### TASK PROMPT
Using the records below, write out again exactly the lines that begin at the line containing "rewrite Rplus_comm. f_equal." and end at the line containing "rewrite Nat.add_comm, H1 in H2.", and no other lines.

····················

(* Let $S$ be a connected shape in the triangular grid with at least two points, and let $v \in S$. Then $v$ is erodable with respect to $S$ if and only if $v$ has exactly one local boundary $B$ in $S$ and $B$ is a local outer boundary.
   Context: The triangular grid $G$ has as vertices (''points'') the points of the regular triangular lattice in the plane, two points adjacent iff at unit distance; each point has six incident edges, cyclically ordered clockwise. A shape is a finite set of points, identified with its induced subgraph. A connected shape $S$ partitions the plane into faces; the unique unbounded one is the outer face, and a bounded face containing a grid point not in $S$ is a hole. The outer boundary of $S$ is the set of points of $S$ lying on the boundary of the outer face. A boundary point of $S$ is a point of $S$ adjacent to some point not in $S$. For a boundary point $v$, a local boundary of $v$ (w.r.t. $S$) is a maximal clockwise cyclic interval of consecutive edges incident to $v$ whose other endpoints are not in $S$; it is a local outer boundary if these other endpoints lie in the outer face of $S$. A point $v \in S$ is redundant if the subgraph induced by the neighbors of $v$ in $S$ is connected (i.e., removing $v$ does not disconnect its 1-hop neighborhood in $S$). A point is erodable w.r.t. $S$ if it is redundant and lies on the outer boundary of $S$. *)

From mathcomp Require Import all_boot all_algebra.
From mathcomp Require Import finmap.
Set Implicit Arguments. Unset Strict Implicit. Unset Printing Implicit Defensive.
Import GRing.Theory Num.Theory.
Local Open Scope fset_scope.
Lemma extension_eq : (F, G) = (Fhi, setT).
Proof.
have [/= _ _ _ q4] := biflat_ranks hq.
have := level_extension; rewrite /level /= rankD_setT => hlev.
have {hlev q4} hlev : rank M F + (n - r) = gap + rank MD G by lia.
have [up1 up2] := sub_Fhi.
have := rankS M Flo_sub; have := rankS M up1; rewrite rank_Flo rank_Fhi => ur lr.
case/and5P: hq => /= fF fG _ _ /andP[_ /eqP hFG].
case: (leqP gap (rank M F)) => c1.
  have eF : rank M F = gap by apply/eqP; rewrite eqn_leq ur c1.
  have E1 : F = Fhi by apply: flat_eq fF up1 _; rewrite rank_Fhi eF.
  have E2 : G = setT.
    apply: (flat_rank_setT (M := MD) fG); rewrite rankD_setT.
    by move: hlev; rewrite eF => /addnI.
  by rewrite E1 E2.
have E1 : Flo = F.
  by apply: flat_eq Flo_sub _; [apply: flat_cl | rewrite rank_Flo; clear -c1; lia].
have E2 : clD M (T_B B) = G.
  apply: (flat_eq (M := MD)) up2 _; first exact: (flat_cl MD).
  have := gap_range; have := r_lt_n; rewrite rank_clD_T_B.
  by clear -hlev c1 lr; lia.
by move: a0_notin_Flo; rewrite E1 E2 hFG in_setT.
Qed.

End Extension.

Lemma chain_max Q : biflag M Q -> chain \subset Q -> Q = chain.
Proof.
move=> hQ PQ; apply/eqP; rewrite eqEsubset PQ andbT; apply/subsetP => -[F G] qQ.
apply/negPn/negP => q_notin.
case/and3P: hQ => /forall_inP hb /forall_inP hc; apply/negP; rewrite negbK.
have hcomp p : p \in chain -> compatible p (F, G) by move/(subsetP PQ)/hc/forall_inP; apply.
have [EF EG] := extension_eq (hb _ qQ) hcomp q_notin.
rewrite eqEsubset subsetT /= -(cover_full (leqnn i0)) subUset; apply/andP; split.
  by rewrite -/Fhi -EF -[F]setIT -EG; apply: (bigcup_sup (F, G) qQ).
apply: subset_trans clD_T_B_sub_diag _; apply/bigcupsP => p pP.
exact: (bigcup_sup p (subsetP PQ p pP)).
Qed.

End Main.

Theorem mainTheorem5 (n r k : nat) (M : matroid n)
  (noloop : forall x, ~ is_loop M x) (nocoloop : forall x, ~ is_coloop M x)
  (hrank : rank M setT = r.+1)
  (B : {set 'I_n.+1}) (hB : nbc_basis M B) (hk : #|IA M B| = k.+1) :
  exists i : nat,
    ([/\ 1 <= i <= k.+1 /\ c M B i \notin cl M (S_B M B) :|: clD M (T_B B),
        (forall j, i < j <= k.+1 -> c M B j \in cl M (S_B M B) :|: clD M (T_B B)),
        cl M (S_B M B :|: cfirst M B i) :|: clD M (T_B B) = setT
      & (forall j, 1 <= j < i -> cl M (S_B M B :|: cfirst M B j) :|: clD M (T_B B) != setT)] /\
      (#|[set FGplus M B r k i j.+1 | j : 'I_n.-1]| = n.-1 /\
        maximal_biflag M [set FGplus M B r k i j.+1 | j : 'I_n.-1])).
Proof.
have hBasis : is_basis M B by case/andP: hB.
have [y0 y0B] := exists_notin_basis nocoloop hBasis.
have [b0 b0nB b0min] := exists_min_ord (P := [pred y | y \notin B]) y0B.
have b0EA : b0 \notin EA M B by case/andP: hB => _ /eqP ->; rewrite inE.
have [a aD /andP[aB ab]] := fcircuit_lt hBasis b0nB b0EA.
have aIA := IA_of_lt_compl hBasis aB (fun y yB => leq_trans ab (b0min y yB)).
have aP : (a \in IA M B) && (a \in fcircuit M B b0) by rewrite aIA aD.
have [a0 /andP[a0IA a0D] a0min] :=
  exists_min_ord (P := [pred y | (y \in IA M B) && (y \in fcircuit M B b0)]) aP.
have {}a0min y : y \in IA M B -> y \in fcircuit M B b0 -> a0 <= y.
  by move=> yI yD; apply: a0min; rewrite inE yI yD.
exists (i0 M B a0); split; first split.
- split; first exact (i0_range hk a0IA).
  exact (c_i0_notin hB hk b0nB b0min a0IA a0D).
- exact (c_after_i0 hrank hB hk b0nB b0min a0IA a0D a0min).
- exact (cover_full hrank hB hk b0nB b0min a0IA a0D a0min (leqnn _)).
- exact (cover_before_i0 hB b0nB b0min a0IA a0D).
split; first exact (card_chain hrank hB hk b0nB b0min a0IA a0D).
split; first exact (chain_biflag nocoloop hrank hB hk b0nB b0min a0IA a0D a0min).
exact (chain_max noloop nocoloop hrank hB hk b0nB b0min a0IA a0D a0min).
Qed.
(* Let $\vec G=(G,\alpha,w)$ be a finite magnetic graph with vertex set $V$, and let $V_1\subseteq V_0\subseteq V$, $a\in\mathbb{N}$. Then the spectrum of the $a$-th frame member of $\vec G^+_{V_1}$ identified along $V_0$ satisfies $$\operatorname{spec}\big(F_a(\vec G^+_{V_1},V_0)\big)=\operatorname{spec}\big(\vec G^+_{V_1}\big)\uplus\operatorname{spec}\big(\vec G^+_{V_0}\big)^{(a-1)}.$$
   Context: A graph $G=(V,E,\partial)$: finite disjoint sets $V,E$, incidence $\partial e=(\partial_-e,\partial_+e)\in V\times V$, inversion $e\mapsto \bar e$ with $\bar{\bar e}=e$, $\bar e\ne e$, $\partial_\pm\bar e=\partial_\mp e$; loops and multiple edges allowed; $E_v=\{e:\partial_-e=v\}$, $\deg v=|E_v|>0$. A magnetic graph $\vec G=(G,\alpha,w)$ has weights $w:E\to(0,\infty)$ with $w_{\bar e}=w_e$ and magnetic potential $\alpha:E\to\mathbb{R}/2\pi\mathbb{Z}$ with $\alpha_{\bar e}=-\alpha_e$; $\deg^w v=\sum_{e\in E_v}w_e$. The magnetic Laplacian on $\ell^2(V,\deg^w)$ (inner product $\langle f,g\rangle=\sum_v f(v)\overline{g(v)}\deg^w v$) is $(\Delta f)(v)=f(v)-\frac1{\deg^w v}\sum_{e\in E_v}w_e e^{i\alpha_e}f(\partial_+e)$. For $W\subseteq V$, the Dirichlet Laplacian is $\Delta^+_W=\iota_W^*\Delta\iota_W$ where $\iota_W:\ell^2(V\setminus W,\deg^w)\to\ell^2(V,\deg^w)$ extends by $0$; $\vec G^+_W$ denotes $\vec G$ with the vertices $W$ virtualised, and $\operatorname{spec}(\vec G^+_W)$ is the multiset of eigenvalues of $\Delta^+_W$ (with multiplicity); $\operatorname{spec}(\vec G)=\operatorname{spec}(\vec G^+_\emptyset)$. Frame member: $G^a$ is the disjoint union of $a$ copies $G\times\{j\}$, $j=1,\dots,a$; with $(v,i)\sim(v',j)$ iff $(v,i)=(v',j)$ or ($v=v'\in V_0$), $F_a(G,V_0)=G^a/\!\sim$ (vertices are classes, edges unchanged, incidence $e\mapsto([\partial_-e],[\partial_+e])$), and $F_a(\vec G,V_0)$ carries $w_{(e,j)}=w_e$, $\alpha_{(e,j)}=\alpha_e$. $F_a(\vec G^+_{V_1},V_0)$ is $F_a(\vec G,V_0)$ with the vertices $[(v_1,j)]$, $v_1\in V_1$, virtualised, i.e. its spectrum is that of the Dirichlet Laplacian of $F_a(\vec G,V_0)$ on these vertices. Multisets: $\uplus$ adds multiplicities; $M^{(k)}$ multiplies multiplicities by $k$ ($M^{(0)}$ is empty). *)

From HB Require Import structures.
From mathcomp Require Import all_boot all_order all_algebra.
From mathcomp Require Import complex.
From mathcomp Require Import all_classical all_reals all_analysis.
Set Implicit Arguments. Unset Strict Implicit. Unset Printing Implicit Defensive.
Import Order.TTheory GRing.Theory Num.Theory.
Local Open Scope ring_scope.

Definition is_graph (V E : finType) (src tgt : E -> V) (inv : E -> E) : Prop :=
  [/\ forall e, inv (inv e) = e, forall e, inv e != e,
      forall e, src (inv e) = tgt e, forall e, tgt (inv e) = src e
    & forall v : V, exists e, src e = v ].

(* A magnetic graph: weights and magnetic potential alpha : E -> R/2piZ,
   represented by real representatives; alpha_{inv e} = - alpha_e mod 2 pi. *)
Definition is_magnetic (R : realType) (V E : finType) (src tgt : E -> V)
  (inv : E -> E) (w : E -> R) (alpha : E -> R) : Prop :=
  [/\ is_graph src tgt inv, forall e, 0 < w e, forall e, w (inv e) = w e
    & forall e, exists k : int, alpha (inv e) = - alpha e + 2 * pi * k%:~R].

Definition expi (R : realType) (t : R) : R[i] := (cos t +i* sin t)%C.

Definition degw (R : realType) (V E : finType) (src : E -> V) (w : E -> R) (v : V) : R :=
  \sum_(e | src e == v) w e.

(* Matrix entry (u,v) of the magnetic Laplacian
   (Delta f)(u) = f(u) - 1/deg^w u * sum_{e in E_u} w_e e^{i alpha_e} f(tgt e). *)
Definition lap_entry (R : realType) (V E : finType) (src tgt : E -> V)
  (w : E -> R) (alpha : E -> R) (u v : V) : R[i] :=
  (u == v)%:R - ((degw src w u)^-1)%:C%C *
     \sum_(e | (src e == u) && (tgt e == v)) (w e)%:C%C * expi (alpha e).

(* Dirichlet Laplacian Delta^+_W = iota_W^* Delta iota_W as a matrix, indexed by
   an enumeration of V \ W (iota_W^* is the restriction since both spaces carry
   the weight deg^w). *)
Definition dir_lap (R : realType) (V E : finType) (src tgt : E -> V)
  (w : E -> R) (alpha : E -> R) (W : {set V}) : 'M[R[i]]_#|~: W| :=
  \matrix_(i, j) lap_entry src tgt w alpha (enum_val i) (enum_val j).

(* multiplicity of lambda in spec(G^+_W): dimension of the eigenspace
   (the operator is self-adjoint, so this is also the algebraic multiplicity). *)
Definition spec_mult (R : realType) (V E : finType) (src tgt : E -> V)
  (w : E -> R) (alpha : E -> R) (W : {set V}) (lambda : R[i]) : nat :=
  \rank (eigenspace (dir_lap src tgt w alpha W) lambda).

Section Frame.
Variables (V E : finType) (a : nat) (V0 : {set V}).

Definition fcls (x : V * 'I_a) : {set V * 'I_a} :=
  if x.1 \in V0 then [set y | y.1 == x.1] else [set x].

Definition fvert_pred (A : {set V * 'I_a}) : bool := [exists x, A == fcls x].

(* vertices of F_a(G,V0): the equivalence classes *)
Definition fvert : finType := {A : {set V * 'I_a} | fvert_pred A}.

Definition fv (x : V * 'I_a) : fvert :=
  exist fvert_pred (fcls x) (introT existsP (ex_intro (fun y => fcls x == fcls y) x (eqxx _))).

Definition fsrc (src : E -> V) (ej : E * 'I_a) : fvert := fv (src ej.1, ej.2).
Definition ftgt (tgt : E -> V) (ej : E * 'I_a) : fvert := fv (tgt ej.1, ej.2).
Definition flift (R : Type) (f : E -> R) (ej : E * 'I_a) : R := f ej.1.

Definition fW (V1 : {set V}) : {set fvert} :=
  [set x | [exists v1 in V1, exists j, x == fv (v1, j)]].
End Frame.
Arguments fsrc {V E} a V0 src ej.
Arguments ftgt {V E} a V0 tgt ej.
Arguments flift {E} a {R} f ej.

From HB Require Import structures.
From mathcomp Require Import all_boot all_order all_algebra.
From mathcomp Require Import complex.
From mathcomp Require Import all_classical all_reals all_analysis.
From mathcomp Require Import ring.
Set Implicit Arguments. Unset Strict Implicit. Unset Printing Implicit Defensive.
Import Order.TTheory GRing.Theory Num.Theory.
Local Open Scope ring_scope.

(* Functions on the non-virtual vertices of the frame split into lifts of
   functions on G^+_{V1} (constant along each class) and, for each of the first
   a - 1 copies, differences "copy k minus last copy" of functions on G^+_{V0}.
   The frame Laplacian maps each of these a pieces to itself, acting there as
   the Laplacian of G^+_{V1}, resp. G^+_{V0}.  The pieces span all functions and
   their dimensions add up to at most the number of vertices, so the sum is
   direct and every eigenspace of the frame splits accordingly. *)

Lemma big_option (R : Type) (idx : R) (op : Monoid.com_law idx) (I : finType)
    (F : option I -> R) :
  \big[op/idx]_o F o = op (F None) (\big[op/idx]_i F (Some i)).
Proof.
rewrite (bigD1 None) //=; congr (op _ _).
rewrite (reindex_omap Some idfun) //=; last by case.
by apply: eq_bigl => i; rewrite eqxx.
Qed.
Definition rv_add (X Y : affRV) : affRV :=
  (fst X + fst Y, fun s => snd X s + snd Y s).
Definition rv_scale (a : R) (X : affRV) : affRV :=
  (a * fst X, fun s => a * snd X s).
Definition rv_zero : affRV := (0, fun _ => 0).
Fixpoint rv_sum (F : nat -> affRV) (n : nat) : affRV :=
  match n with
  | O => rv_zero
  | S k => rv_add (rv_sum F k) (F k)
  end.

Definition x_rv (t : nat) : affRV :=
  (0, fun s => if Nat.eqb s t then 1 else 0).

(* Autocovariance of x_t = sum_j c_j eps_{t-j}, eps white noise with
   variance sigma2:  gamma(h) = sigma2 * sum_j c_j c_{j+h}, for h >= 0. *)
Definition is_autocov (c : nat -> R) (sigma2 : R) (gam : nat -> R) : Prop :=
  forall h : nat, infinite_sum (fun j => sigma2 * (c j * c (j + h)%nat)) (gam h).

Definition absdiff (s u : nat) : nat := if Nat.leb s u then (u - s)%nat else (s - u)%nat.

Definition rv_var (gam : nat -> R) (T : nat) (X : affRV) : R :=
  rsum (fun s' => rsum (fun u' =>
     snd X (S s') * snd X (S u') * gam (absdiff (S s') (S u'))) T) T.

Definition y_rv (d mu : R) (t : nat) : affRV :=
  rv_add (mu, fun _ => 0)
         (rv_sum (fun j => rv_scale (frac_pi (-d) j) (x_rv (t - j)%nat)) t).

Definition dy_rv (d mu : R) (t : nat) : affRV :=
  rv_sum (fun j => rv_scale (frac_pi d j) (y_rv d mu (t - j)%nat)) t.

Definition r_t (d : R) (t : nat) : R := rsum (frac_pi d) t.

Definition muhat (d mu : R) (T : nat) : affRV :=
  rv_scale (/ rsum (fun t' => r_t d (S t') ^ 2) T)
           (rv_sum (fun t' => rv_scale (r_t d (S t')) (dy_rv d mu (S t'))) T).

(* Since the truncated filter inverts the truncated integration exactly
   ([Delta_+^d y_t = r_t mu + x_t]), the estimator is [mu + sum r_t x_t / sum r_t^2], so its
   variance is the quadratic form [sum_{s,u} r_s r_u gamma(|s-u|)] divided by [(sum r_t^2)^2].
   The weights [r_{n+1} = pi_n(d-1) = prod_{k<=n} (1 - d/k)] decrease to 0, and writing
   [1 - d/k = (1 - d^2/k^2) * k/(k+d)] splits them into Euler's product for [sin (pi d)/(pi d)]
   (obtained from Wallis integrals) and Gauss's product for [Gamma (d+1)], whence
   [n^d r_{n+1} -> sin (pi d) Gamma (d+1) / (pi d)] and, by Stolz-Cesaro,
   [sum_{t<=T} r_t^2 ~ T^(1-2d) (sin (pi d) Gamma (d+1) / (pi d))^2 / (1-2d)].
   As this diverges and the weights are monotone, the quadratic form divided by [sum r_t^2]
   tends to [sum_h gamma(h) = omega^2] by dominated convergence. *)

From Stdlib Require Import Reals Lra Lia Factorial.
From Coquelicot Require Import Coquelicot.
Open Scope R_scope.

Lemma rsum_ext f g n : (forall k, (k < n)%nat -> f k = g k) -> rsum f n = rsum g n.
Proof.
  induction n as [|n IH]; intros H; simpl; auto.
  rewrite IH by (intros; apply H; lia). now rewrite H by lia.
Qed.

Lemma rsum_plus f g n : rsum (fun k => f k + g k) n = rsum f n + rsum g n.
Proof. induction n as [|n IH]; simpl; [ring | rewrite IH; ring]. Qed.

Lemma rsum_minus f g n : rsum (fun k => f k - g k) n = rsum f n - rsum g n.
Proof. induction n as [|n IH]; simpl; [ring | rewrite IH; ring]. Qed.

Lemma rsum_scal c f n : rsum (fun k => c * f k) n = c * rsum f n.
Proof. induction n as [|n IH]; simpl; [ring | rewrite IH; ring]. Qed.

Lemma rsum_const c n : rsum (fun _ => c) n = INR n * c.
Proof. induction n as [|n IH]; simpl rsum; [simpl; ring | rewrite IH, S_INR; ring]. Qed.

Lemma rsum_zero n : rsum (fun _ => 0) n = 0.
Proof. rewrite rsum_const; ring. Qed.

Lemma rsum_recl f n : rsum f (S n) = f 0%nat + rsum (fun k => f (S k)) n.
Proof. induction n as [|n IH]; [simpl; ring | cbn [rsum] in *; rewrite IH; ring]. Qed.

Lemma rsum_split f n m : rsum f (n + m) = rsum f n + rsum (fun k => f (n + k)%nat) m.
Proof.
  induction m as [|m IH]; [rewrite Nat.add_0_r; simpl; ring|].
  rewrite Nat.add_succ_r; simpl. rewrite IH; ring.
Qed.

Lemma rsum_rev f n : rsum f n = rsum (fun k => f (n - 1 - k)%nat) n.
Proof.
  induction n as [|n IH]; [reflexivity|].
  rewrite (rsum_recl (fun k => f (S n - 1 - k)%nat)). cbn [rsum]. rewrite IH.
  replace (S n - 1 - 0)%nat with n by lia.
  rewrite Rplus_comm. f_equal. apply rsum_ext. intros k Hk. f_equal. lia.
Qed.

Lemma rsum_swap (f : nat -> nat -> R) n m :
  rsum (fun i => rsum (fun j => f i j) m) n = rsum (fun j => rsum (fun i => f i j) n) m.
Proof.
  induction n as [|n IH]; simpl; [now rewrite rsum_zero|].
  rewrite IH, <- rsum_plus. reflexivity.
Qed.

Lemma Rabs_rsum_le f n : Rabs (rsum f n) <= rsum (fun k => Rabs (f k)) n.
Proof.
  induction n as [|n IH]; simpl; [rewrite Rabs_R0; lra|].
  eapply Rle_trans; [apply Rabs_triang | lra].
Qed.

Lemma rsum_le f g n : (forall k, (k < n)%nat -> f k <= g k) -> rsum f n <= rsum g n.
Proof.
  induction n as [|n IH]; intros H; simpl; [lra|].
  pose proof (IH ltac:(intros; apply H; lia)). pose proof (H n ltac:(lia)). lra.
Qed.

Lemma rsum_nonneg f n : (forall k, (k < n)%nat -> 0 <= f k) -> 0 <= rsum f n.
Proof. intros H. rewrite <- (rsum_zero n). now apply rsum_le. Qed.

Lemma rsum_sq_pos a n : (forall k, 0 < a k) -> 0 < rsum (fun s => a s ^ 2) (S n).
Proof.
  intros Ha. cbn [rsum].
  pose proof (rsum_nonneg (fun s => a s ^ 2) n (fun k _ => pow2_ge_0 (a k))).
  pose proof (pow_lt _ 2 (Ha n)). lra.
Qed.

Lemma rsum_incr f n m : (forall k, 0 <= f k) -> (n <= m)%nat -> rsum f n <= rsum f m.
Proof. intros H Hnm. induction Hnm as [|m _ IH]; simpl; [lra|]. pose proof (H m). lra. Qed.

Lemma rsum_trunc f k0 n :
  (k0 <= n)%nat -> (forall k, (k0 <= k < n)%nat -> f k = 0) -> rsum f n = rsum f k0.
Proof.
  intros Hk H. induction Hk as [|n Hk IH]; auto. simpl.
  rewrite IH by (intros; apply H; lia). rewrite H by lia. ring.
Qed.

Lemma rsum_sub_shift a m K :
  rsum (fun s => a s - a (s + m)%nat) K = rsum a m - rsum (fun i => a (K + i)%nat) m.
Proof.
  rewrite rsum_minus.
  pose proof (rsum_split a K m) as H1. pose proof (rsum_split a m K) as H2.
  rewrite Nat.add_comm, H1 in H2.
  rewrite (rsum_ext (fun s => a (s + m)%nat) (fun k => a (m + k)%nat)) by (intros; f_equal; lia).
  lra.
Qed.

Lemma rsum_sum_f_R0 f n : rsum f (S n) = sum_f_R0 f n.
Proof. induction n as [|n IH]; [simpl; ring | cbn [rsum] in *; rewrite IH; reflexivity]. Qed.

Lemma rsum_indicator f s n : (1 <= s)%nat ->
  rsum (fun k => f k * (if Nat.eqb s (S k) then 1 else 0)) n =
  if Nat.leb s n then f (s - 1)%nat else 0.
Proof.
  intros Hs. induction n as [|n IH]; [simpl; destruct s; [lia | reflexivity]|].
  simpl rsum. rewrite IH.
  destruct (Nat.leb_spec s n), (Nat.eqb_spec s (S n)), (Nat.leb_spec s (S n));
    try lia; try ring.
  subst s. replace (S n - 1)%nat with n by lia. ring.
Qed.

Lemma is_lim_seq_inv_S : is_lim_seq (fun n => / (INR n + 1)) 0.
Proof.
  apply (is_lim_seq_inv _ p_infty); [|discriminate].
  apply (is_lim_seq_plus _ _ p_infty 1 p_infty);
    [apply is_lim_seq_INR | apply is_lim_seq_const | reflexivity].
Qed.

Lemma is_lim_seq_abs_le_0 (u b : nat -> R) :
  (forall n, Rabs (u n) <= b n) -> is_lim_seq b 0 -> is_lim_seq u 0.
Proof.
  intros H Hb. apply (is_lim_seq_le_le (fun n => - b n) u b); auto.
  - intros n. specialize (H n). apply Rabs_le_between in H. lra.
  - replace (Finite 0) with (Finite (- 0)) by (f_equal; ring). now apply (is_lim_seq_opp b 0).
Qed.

····················

### RESPONSE TO THE EXERCISE
  rewrite Rplus_comm. f_equal. apply rsum_ext. intros k Hk. f_equal. lia.
Qed.

Lemma rsum_swap (f : nat -> nat -> R) n m :
  rsum (fun i => rsum (fun j => f i j) m) n = rsum (fun j => rsum (fun i => f i j) n) m.
Proof.
  induction n as [|n IH]; simpl; [now rewrite rsum_zero|].
  rewrite IH, <- rsum_plus. reflexivity.
Qed.

Lemma Rabs_rsum_le f n : Rabs (rsum f n) <= rsum (fun k => Rabs (f k)) n.
Proof.
  induction n as [|n IH]; simpl; [rewrite Rabs_R0; lra|].
  eapply Rle_trans; [apply Rabs_triang | lra].
Qed.

Lemma rsum_le f g n : (forall k, (k < n)%nat -> f k <= g k) -> rsum f n <= rsum g n.
Proof.
  induction n as [|n IH]; intros H; simpl; [lra|].
  pose proof (IH ltac:(intros; apply H; lia)). pose proof (H n ltac:(lia)). lra.
Qed.

Lemma rsum_nonneg f n : (forall k, (k < n)%nat -> 0 <= f k) -> 0 <= rsum f n.
Proof. intros H. rewrite <- (rsum_zero n). now apply rsum_le. Qed.

Lemma rsum_sq_pos a n : (forall k, 0 < a k) -> 0 < rsum (fun s => a s ^ 2) (S n).
Proof.
  intros Ha. cbn [rsum].
  pose proof (rsum_nonneg (fun s => a s ^ 2) n (fun k _ => pow2_ge_0 (a k))).
  pose proof (pow_lt _ 2 (Ha n)). lra.
Qed.

Lemma rsum_incr f n m : (forall k, 0 <= f k) -> (n <= m)%nat -> rsum f n <= rsum f m.
Proof. intros H Hnm. induction Hnm as [|m _ IH]; simpl; [lra|]. pose proof (H m). lra. Qed.

Lemma rsum_trunc f k0 n :
  (k0 <= n)%nat -> (forall k, (k0 <= k < n)%nat -> f k = 0) -> rsum f n = rsum f k0.
Proof.
  intros Hk H. induction Hk as [|n Hk IH]; auto. simpl.
  rewrite IH by (intros; apply H; lia). rewrite H by lia. ring.
Qed.

Lemma rsum_sub_shift a m K :
  rsum (fun s => a s - a (s + m)%nat) K = rsum a m - rsum (fun i => a (K + i)%nat) m.
Proof.
  rewrite rsum_minus.
  pose proof (rsum_split a K m) as H1. pose proof (rsum_split a m K) as H2.
  rewrite Nat.add_comm, H1 in H2.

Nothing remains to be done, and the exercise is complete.